(* Let $k\ge 3$ and $n_1=\cdots=n_k\ge 2$. The number of distinct isomorphism classes of graphs in the LC orbit $\mathcal{O}(K_{n_1,\dots,n_k})$ is $\lfloor k/2\rfloor+k+1$.
   Context: $K_{n_1,\dots,n_k}$ is the complete $k$-partite graph with parts of sizes $n_1,\dots,n_k$. The local complement $c_v(G)$ complements the edges among the neighbours of $v$; $\mathcal{O}(G)$ is the set of all graphs on the labelled vertex set $V(G)$ obtainable from $G$ by finite sequences of local complements. *)

From mathcomp Require Import all_boot fingroup perm.
Set Implicit Arguments. Unset Strict Implicit. Unset Printing Implicit Defensive.

Definition graph (V : finType) := {set V * V}.

Definition simple_graph (V : finType) (G : graph V) : bool :=
  [forall x : V, forall y : V, ((x, y) \in G) == ((y, x) \in G)] &&
  [forall x : V, (x, x) \notin G].

Definition nbhd (V : finType) (G : graph V) (v : V) : {set V} :=
  [set u | (v, u) \in G].

Definition local_complement (V : finType) (v : V) (G : graph V) : graph V :=
  [set p : V * V |
     if [&& p.1 \in nbhd G v, p.2 \in nbhd G v & p.1 != p.2]
     then p \notin G else p \in G].

Definition lc_step (V : finType) : rel (graph V) :=
  fun G H => [exists v : V, H == local_complement v G].

Definition lc_orbit (V : finType) (G : graph V) : {set graph V} :=
  [set H | connect (@lc_step V) G H].

Definition graph_iso (V : finType) (G H : graph V) : bool :=
  [exists s : {perm V},
     [forall x : V, forall y : V, ((x, y) \in G) == ((s x, s y) \in H)]].

(* the set of isomorphism classes of graphs in a family S (each class
   represented by its intersection with S) *)
Definition iso_classes (V : finType) (S : {set graph V}) : {set {set graph V}} :=
  [set [set H' in S | graph_iso H H'] | H in S].

(* complete k-partite graph K_{n,...,n}: vertex (i, a) is the a-th vertex of part i *)
Definition complete_multipartite (k n : nat) : graph ('I_k * 'I_n)%type :=
  [set p : (('I_k * 'I_n) * ('I_k * 'I_n))%type | p.1.1 != p.2.1].

(* Every graph in the orbit is [lc_graph p] for an admissible parameter [p]: an
   optional hub part and, for each part, a kind (independent set, clique, or star
   with a centre).  Local complementation acts on the parameters by
   [lc_param_step] and preserves the parity of the number of star parts
   (corrected by the kind of the hub).  Up to isomorphism [lc_graph p] depends
   only on whether there is a hub and on the number of stars, which is even
   without a hub and less than k with one; all these values occur in the orbit.
   The number of pendant vertices, (n - 1) times the number of stars, together
   with the existence of adjacent twins and of triangles, which agree exactly
   when there is a hub, separate the k/2 + 1 + k classes. *)

From mathcomp Require Import all_boot fingroup perm zify.
Set Implicit Arguments. Unset Strict Implicit. Unset Printing Implicit Defensive.

Section GraphIsomorphism.
Variable V : finType.
Implicit Types G H K : graph V.

Lemma graph_isoP G H :
  reflect (exists s : {perm V}, forall x y, ((x, y) \in G) = ((s x, s y) \in H))
          (graph_iso G H).
Proof.
apply: (iffP existsP) => [[s /forallP hs]|[s hs]]; exists s.
- by move=> x y; have /forallP/(_ y)/eqP := hs x.
- by apply/forallP => x; apply/forallP => y; rewrite hs.
Qed.

Lemma graph_iso_refl G : graph_iso G G.
Proof. by apply/graph_isoP; exists 1%g => x y; rewrite !perm1. Qed.

Lemma graph_iso_sym G H : graph_iso G H -> graph_iso H G.
Proof.
case/graph_isoP => s hs; apply/graph_isoP; exists s^-1%g => x y.
by rewrite hs !permKV.
Qed.

Lemma graph_iso_trans G H K : graph_iso G H -> graph_iso H K -> graph_iso G K.
Proof.
case/graph_isoP => s hs /graph_isoP [u hu]; apply/graph_isoP; exists (s * u)%g.
by move=> x y; rewrite hs hu !permM.
Qed.

Definition pendants G := #|[set x | #|nbhd G x| == 1]|.

Definition has_adjacent_twins G :=
  [exists x, exists y, [&& x != y, (x, y) \in G &
     [forall z, ((z == x) || ((x, z) \in G)) == ((z == y) || ((y, z) \in G))]]].

Definition has_triangle G :=
  [exists x, exists y, exists z, [&& (x, y) \in G, (y, z) \in G & (x, z) \in G]].

Definition iso_invariants G := (pendants G, has_adjacent_twins G, has_triangle G).

Lemma nbhd_perm (s : {perm V}) G H :
    (forall x y, ((x, y) \in G) = ((s x, s y) \in H)) ->
  forall x, nbhd H (s x) = s @: nbhd G x.
Proof.
move=> hs x; apply/setP => y; rewrite -[y](permKV s) mem_imset; last exact: perm_inj.
by rewrite !inE hs.
Qed.

Lemma pendants_iso G H : graph_iso G H -> pendants G = pendants H.
Proof.
case/graph_isoP => s hs; rewrite /pendants.
have -> : [set x | #|nbhd H x| == 1] = s @: [set x | #|nbhd G x| == 1].
  apply/setP => y; rewrite -[y](permKV s) mem_imset; last exact: perm_inj.
  by rewrite !inE (nbhd_perm hs) card_imset //; apply: perm_inj.
by rewrite card_imset //; apply: perm_inj.
Qed.

Lemma adjacent_twins_iso G H :
  graph_iso G H -> has_adjacent_twins G -> has_adjacent_twins H.
Proof.
case/graph_isoP => s hs /existsP [x /existsP [y /and3P [nxy axy /forallP hz]]].
apply/existsP; exists (s x); apply/existsP; exists (s y).
rewrite -hs axy (inj_eq (@perm_inj _ s)) nxy /=; apply/forallP => z.
by rewrite -[z](permKV s) -!hs !(inj_eq (@perm_inj _ s)); apply: hz.
Qed.

Lemma triangle_iso G H : graph_iso G H -> has_triangle G -> has_triangle H.
Proof.
case/graph_isoP => s hs /existsP [x /existsP [y /existsP [z /and3P [h1 h2 h3]]]].
apply/existsP; exists (s x); apply/existsP; exists (s y); apply/existsP; exists (s z).
by rewrite -!hs h1 h2 h3.
Qed.

Lemma iso_invariants_iso G H : graph_iso G H -> iso_invariants G = iso_invariants H.
Proof.
move=> h; have h' := graph_iso_sym h; rewrite /iso_invariants (pendants_iso h).
congr (_, _, _); apply/idP/idP.
- exact: adjacent_twins_iso h.
- exact: adjacent_twins_iso h'.
- exact: triangle_iso h.
- exact: triangle_iso h'.
Qed.

Lemma card_iso_classes (S : {set graph V}) (I : finType) (R : I -> graph V) :
    (forall i, R i \in S) ->
    (forall i j, graph_iso (R i) (R j) -> i = j) ->
    (forall H, H \in S -> exists i, graph_iso H (R i)) ->
  #|iso_classes S| = #|I|.
Proof.
move=> RS Rinj Rcov.
pose cls H := [set H' in S | graph_iso H H'].
have clsE G H : graph_iso G H -> cls G = cls H.
  move=> gh; apply/setP => K; rewrite !inE; case: (K \in S) => //=.
  by apply/idP/idP => h; [exact: graph_iso_trans (graph_iso_sym gh) h
                         | exact: graph_iso_trans gh h].
have -> : iso_classes S = (fun i => cls (R i)) @: [set: I].
  apply/setP => C; apply/imsetP/imsetP => [[H HS ->]|[i _ ->]].
  - by have [i hi] := Rcov H HS; exists i; rewrite ?inE //; exact: clsE hi.
  - by exists (R i).
rewrite card_imset ?cardsT // => i j e.
apply: Rinj; have : R j \in cls (R j) by rewrite inE RS graph_iso_refl.
by rewrite -e inE => /andP [].
Qed.

Lemma lc_orbit_step G H v : H \in lc_orbit G -> local_complement v H \in lc_orbit G.
Proof.
rewrite !inE => h; apply: connect_trans h (connect1 _).
by apply/existsP; exists v.
Qed.

End GraphIsomorphism.
Lemma inv_sq_decay_cauchy (h : R -> R) C :
  (forall r, 1 <= r -> continuous h r) ->
  (forall r, 1 <= r -> Rabs (h r) <= C / r ^ 2) ->
  exists l : R, is_lim (fun b => RInt h 1 b) p_infty l.
Proof.
  intros Hc Hb.
  assert (HC : 0 <= C).
  { specialize (Hb 1 (Rle_refl 1)). pose proof (Rabs_pos (h 1)). simpl in Hb. lra. }
  assert (Hex : forall u v, 1 <= u -> 1 <= v -> ex_RInt h u v).
  { intros u v Hu Hv. apply (ex_RInt_continuous (V := R_CompleteNormedModule)).
    intros z Hz. apply Hc. pose proof (Rmin_glb u v 1). lra. }
  assert (Htail : forall u v, 1 <= u <= v -> Rabs (RInt h u v) <= C / u).
  { intros u v Huv.
    eapply Rle_trans; [apply (Rabs_RInt_le_inv_sq h C u v); [lra | intros; apply Hc; lra | exact Hb]|].
    assert (0 <= C / v) by (apply Rmult_le_pos; [|apply Rlt_le, Rinv_0_lt_compat]; lra). lra. }
  destruct (proj1 (filterlim_locally_cauchy (U := R_CompleteSpace) (F := Rbar_locally p_infty)
    (fun b => RInt h 1 b))) as [l Hl]; [|exists l; exact Hl].
  intros eps. pose proof (cond_pos eps).
  exists (fun b => Rmax 1 (C / eps) < b). split; [exists (Rmax 1 (C / eps)); auto|].
  intros u v Hu Hv. pose proof (Rmax_l 1 (C / eps)). pose proof (Rmax_r 1 (C / eps)).
  assert (Hsmall : forall w, Rmax 1 (C / eps) < w -> C / w < eps).
  { intros w Hw. apply (Rmult_lt_reg_r w); [lra|].
    unfold Rdiv. rewrite Rmult_assoc, Rinv_l, Rmult_1_r by lra.
    assert (eps * (C / eps) = C) by (field; lra). nra. }
  change (Rabs (RInt h 1 v - RInt h 1 u) < eps).
  rewrite <- (RInt_Chasles_R h 1 u v) by (apply Hex; lra).
  replace (RInt h 1 u + RInt h u v - RInt h 1 u) with (RInt h u v) by lra.
  destruct (Rle_lt_dec u v).
  - pose proof (Htail u v ltac:(lra)). pose proof (Hsmall u Hu). lra.
  - rewrite <- (opp_RInt_swap (V := R_CompleteNormedModule)) by (apply Hex; lra).
    change (Rabs (- RInt h v u) < eps). rewrite Rabs_Ropp.
    pose proof (Htail v u ltac:(lra)). pose proof (Hsmall v Hv). lra.
Qed.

[Task item]:
Please transcribe the data above without changes, from its first line to its "Definition graph (V" line, and leave out anything past that.

[Result of this exercise]:
(* Let $k\ge 3$ and $n_1=\cdots=n_k\ge 2$. The number of distinct isomorphism classes of graphs in the LC orbit $\mathcal{O}(K_{n_1,\dots,n_k})$ is $\lfloor k/2\rfloor+k+1$.
   Context: $K_{n_1,\dots,n_k}$ is the complete $k$-partite graph with parts of sizes $n_1,\dots,n_k$. The local complement $c_v(G)$ complements the edges among the neighbours of $v$; $\mathcal{O}(G)$ is the set of all graphs on the labelled vertex set $V(G)$ obtainable from $G$ by finite sequences of local complements. *)

From mathcomp Require Import all_boot fingroup perm.
Set Implicit Arguments. Unset Strict Implicit. Unset Printing Implicit Defensive.

Definition graph (V : finType) := {set V * V}.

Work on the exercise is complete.